> Task objective:
Scan the records for the string "exact", then copy each line that has it.

[Recorded data]
[Start of Attachment]
(* For every set of formulas $\Gamma\cup\{\varphi\}\subseteq For$: $\Gamma \vdash_{\bf Dm} \varphi$ if and only if there exists a set of formulas $\Upsilon$ such that $\Gamma\cup\{\circ \delta \ : \ \delta \in \Upsilon\} \vdash_{\bf Km} \varphi$, where $\circ\delta:=\Box\delta\to\Diamond\delta$.
   Context: Formulas are built from a denumerable set of propositional variables by the unary connectives $\neg$, $\Box$ and the binary connective $\to$; $For$ is the set of all formulas. Abbreviations: $\Diamond\alpha:=\neg\Box\neg\alpha$, $\alpha\vee\beta:=\neg\alpha\to\beta$, $\alpha\wedge\beta:=\neg(\alpha\to\neg\beta)$. All Hilbert calculi below have as axioms all instances (over $For$) of the axiom schemas of a standard Hilbert calculus for classical propositional logic in the signature $\{\neg,\to\}$, plus the listed modal schemas, with modus ponens as the only rule; $\Gamma\vdash_{\bf L}\alpha$ means there is a derivation of $\alpha$ from $\Gamma$ in ${\bf L}$. ${\bf Km}$: (K') $\Diamond\alpha\to(\Box(\alpha\to\beta)\to(\Box\alpha\to\Box\beta))$; (K1') $\Diamond\neg\beta\to(\Box(\alpha\to\beta)\to(\Diamond\alpha\to\Diamond\beta))$; (K2') $\Diamond\alpha\to(\Diamond(\alpha\to\beta)\to(\Box\alpha\to\Diamond\beta))$; (M3') $(\Diamond\alpha\vee\Diamond\neg\alpha)\to(\Diamond\beta\to\Diamond(\alpha\to\beta))$; (M4') $\Diamond\neg\beta\to(\Diamond\neg\alpha\to\Diamond(\alpha\to\beta))$; (I1) $(\Box\alpha\wedge\Box\neg\alpha)\to(\Box(\alpha\to\beta)\wedge\Box\neg(\alpha\to\beta))$; (I2) $(\Box\beta\wedge\Box\neg\beta)\to(\Box(\alpha\to\beta)\wedge\Box\neg(\alpha\to\beta))$; (M1) $\neg\Diamond\alpha\to\Box(\alpha\to\beta)$; (M2) $\Box\beta\to\Box(\alpha\to\beta)$; (DN1) $\Box\alpha\to\Box\neg\neg\alpha$; (DN2) $\Box\neg\neg\alpha\to\Box\alpha$. ${\bf Dm}$: (K) $\Box(\alpha\to\beta)\to(\Box\alpha\to\Box\beta)$; (K1) $\Box(\alpha\to\beta)\to(\Diamond\alpha\to\Diamond\beta)$; (K2) $\Diamond(\alpha\to\beta)\to(\Box\alpha\to\Diamond\beta)$; (M1); (M2); (M3) $\Diamond\beta\to\Diamond(\alpha\to\beta)$; (M4) $\Diamond\neg\alpha\to\Diamond(\alpha\to\beta)$; (DN1); (DN2); (D) $\Box\alpha\to\Diamond\alpha$. *)

Inductive form : Type :=
| Var : nat -> form
| Neg : form -> form
| Box : form -> form
| Imp : form -> form -> form.

Definition Dia (a : form) : form := Neg (Box (Neg a)).
Definition Or (a b : form) : form := Imp (Neg a) b.
Definition And (a b : form) : form := Neg (Imp a (Neg b)).

Definition circ (d : form) : form := Imp (Box d) (Dia d).

Definition fset := form -> Prop.

(* A standard Hilbert calculus for classical propositional logic in {neg, imp}
   (Mendelson's axioms), instances over all formulas. *)
Inductive cpl_axiom : form -> Prop :=
| CA1 : forall a b, cpl_axiom (Imp a (Imp b a))
| CA2 : forall a b c,
    cpl_axiom (Imp (Imp a (Imp b c)) (Imp (Imp a b) (Imp a c)))
| CA3 : forall a b,
    cpl_axiom (Imp (Imp (Neg b) (Neg a)) (Imp (Imp (Neg b) a) b)).

Inductive km_axiom : form -> Prop :=
| Kp : forall a b, km_axiom (Imp (Dia a) (Imp (Box (Imp a b)) (Imp (Box a) (Box b))))
| K1p : forall a b, km_axiom (Imp (Dia (Neg b)) (Imp (Box (Imp a b)) (Imp (Dia a) (Dia b))))
| K2p : forall a b, km_axiom (Imp (Dia a) (Imp (Dia (Imp a b)) (Imp (Box a) (Dia b))))
| M3p : forall a b, km_axiom (Imp (Or (Dia a) (Dia (Neg a))) (Imp (Dia b) (Dia (Imp a b))))
| M4p : forall a b, km_axiom (Imp (Dia (Neg b)) (Imp (Dia (Neg a)) (Dia (Imp a b))))
| I1 : forall a b, km_axiom (Imp (And (Box a) (Box (Neg a)))
                                 (And (Box (Imp a b)) (Box (Neg (Imp a b)))))
| I2 : forall a b, km_axiom (Imp (And (Box b) (Box (Neg b)))
                                 (And (Box (Imp a b)) (Box (Neg (Imp a b)))))
| KmM1 : forall a b, km_axiom (Imp (Neg (Dia a)) (Box (Imp a b)))
| KmM2 : forall a b, km_axiom (Imp (Box b) (Box (Imp a b)))
| KmDN1 : forall a, km_axiom (Imp (Box a) (Box (Neg (Neg a))))
| KmDN2 : forall a, km_axiom (Imp (Box (Neg (Neg a))) (Box a)).

Inductive dm_axiom : form -> Prop :=
| K : forall a b, dm_axiom (Imp (Box (Imp a b)) (Imp (Box a) (Box b)))
| K1 : forall a b, dm_axiom (Imp (Box (Imp a b)) (Imp (Dia a) (Dia b)))
| K2 : forall a b, dm_axiom (Imp (Dia (Imp a b)) (Imp (Box a) (Dia b)))
| DmM1 : forall a b, dm_axiom (Imp (Neg (Dia a)) (Box (Imp a b)))
| DmM2 : forall a b, dm_axiom (Imp (Box b) (Box (Imp a b)))
| M3 : forall a b, dm_axiom (Imp (Dia b) (Dia (Imp a b)))
| M4 : forall a b, dm_axiom (Imp (Dia (Neg a)) (Dia (Imp a b)))
| DmDN1 : forall a, dm_axiom (Imp (Box a) (Box (Neg (Neg a))))
| DmDN2 : forall a, dm_axiom (Imp (Box (Neg (Neg a))) (Box a))
| D : forall a, dm_axiom (Imp (Box a) (Dia a)).

Inductive derives (Ax : form -> Prop) (G : fset) : form -> Prop :=
| d_hyp : forall a, G a -> derives Ax G a
| d_cpl : forall a, cpl_axiom a -> derives Ax G a
| d_ax : forall a, Ax a -> derives Ax G a
| d_mp : forall a b, derives Ax G a -> derives Ax G (Imp a b) -> derives Ax G b.

Definition derives_Km := derives km_axiom.
Definition derives_Dm := derives dm_axiom.


(* The Km axioms are Dm axioms guarded by extra antecedents (◇α, ◇¬β, ...),
   except I1 and I2, whose antecedent □α ∧ □¬α is refuted by D; so Km ⊆ Dm,
   and each premise ∘δ is itself the D instance □δ → ◇δ.  Conversely, once all
   formulas ∘δ are premises, D is available in Km and the guards can be
   discharged: a guard ◇α next to □α follows by ∘, and a guard ◇¬β is handled
   by cases, since ¬◇¬β yields □β by DN2 and then ◇β (or ◇(α → β), after M2)
   by ∘. *)

Definition ext (G : fset) (a : form) : fset := fun f => G f \/ f = a.

Definition circs : fset := fun f => exists d, f = circ d.

Lemma derives_transfer (Ax Ax' : form -> Prop) (G G' : fset) a :
  (forall b, Ax b -> derives Ax' G' b) ->
  (forall b, G b -> derives Ax' G' b) ->
  derives Ax G a -> derives Ax' G' a.
Proof.
  intros HAx HG H; induction H as [c Hc | c Hc | c Hc | c d _ IHc _ IHcd].
  - apply HG; assumption.
  - apply d_cpl; assumption.
  - apply HAx; assumption.
  - exact (d_mp _ _ _ _ IHc IHcd).
Qed.

Section Classical.

Variable Ax : form -> Prop.

Lemma derives_mono (G G' : fset) a :
  (forall f, G f -> G' f) -> derives Ax G a -> derives Ax G' a.
Proof.
  intros HG; apply derives_transfer.
  - intros; apply d_ax; assumption.
  - intros; apply d_hyp, HG; assumption.
Qed.

Lemma derives_ext G x a : derives Ax G a -> derives Ax (ext G x) a.
Proof. apply derives_mono; unfold ext; auto. Qed.

Lemma derives_mp G a b : derives Ax G (Imp a b) -> derives Ax G a -> derives Ax G b.
Proof. intros Hab Ha; exact (d_mp _ _ _ _ Ha Hab). Qed.

Lemma derives_cpl_mp2 G x y z :
  cpl_axiom (Imp x (Imp y z)) -> derives Ax G x -> derives Ax G y -> derives Ax G z.
Proof.
  intros HA Hx Hy; apply (derives_mp _ y); [apply (derives_mp _ x)|]; auto.
  apply d_cpl; assumption.
Qed.

Lemma derives_weaken_imp G a b : derives Ax G a -> derives Ax G (Imp b a).
Proof. apply derives_mp, d_cpl, CA1. Qed.

Lemma derives_imp_refl G a : derives Ax G (Imp a a).
Proof.
  apply (derives_cpl_mp2 _ (Imp a (Imp (Imp a a) a)) (Imp a (Imp a a))).
  - apply CA2.
  - apply d_cpl, CA1.
  - apply d_cpl, CA1.
Qed.

Lemma deduction G a b : derives Ax (ext G a) b -> derives Ax G (Imp a b).
Proof.
  intros H; induction H as [c [Hc | ->] | c Hc | c Hc | c d _ IHc _ IHcd].
  - apply derives_weaken_imp, d_hyp; assumption.
  - apply derives_imp_refl.
  - apply derives_weaken_imp, d_cpl; assumption.
  - apply derives_weaken_imp, d_ax; assumption.
  - apply (derives_cpl_mp2 _ _ _ _ (CA2 a c d)); assumption.
Qed.

Lemma derives_explosion G a b : derives Ax G (Neg a) -> derives Ax G a -> derives Ax G b.
Proof.
  intros Hna Ha.
  apply (derives_cpl_mp2 _ _ _ _ (CA3 a b)); apply derives_weaken_imp; assumption.
Qed.

Lemma derives_by_contradiction G a b :
  derives Ax (ext G (Neg a)) b -> derives Ax (ext G (Neg a)) (Neg b) -> derives Ax G a.
Proof.
  intros Hb Hnb.
  apply (derives_cpl_mp2 _ _ _ _ (CA3 b a)); apply deduction; assumption.
Qed.

Lemma derives_dne G a : derives Ax G (Neg (Neg a)) -> derives Ax G a.
Proof.
  intros H.
  apply (derives_cpl_mp2 _ _ _ _ (CA3 (Neg a) a)).
  - apply derives_weaken_imp; assumption.
  - apply derives_imp_refl.
Qed.

Lemma derives_by_cases G a c :
  derives Ax (ext G a) c -> derives Ax (ext G (Neg a)) c -> derives Ax G c.
Proof.
  intros Ha Hna; apply deduction in Ha; apply deduction in Hna.
  apply (derives_by_contradiction _ _ c); [| apply d_hyp; right; reflexivity].
  apply (derives_mp _ (Neg a)); [apply derives_ext; assumption |].
  apply (derives_by_contradiction _ _ c).
  - apply (derives_mp _ a); [do 2 apply derives_ext; assumption |].
    apply derives_dne, d_hyp; right; reflexivity.
  - apply d_hyp; left; right; reflexivity.
Qed.

End Classical.

Ltac in_premises := unfold ext, circs; eauto 10.
Ltac hyp := apply d_hyp; in_premises.

Lemma derives_Dia_of_Box Ax (G : fset) d :
  G (circ d) -> derives Ax G (Box d) -> derives Ax G (Dia d).
Proof. intros Hc Hb; apply (derives_mp _ _ (Box d)); [apply d_hyp|]; assumption. Qed.

Lemma derives_Box_of_not_Dia_Neg G b :
  derives km_axiom G (Neg (Dia (Neg b))) -> derives km_axiom G (Box b).
Proof.
  intros H; apply (derives_mp _ _ (Box (Neg (Neg b)))).
  - apply d_ax, KmDN2.
  - apply derives_dne; assumption.
Qed.

Lemma Km_circs_derives_Dm_axiom a : dm_axiom a -> derives km_axiom circs a.
Proof.
  intros H; destruct H as [a b|a b|a b|a b|a b|a b|a b|a|a|a].
  - apply deduction, deduction.
    apply (derives_mp _ _ (Box a)); [| hyp].
    apply (derives_mp _ _ (Box (Imp a b))); [| hyp].
    apply (derives_mp _ _ (Dia a)); [apply d_ax, Kp |].
    apply derives_Dia_of_Box; [in_premises | hyp].
  - apply deduction, deduction, (derives_by_cases _ _ (Dia (Neg b))).
    + apply (derives_mp _ _ (Dia a)); [| hyp].
      apply (derives_mp _ _ (Box (Imp a b))); [| hyp].
      apply (derives_mp _ _ (Dia (Neg b))); [apply d_ax, K1p | hyp].
    + apply derives_Dia_of_Box; [in_premises |].
      apply derives_Box_of_not_Dia_Neg; hyp.
  - apply deduction, deduction.
    apply (derives_mp _ _ (Box a)); [| hyp].
    apply (derives_mp _ _ (Dia (Imp a b))); [| hyp].
    apply (derives_mp _ _ (Dia a)); [apply d_ax, K2p |].
    apply derives_Dia_of_Box; [in_premises | hyp].
  - apply d_ax, KmM1.
  - apply d_ax, KmM2.
  - apply deduction.
    apply (derives_mp _ _ (Dia b)); [| hyp].
    apply (derives_mp _ _ (Or (Dia a) (Dia (Neg a)))); [apply d_ax, M3p |].
    apply deduction, derives_Dia_of_Box; [in_premises |].
    apply derives_dne; hyp.
  - apply deduction, (derives_by_cases _ _ (Dia (Neg b))).
    + apply (derives_mp _ _ (Dia (Neg a))); [| hyp].
      apply (derives_mp _ _ (Dia (Neg b))); [apply d_ax, M4p | hyp].
    + apply derives_Dia_of_Box; [in_premises |].
      apply (derives_mp _ _ (Box b)); [apply d_ax, KmM2 |].
      apply derives_Box_of_not_Dia_Neg; hyp.
  - apply d_ax, KmDN1.
  - apply d_ax, KmDN2.
  - apply d_hyp; exists a; reflexivity.
Qed.

Lemma Dm_derives_Km_axiom G a : km_axiom a -> derives dm_axiom G a.
Proof.
  intros H; destruct H as [a b|a b|a b|a b|a b|a b|a b|a b|a b|a|a].
  all: try (apply d_ax; constructor).
  1-5: apply deduction, derives_ext, d_ax; constructor.
  (* □α ∧ □¬α unfolds to ¬(□α → ◇α), the negation of an instance of D. *)
  - apply deduction, (derives_explosion _ _ (Imp (Box a) (Dia a))); [hyp | apply d_ax, D].
  - apply deduction, (derives_explosion _ _ (Imp (Box b) (Dia b))); [hyp | apply d_ax, D].
Qed.

Theorem mainTheorem3 : forall (Gamma : form -> Prop) (phi : form),
  derives_Dm Gamma phi <->
  exists Upsilon : form -> Prop,
    derives_Km (fun f => Gamma f \/ exists d, Upsilon d /\ f = circ d) phi.
Proof.
  intros Gamma phi; unfold derives_Dm, derives_Km; split.
  - intros H; exists (fun _ => True); revert H.
    apply derives_transfer; [| intros; hyp].
    intros b Hb; eapply derives_mono; [| apply Km_circs_derives_Dm_axiom, Hb].
    intros f [d ->]; eauto.
  - intros [Upsilon H]; revert H; apply derives_transfer.
    + apply Dm_derives_Km_axiom.
    + intros b [Hb | [d [_ ->]]]; [hyp | apply d_ax, D].
Qed.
[End of Attachment]
> Answer to this exercise:
  - exact (d_mp _ _ _ _ IHc IHcd).
Proof. intros Hab Ha; exact (d_mp _ _ _ _ Ha Hab). Qed.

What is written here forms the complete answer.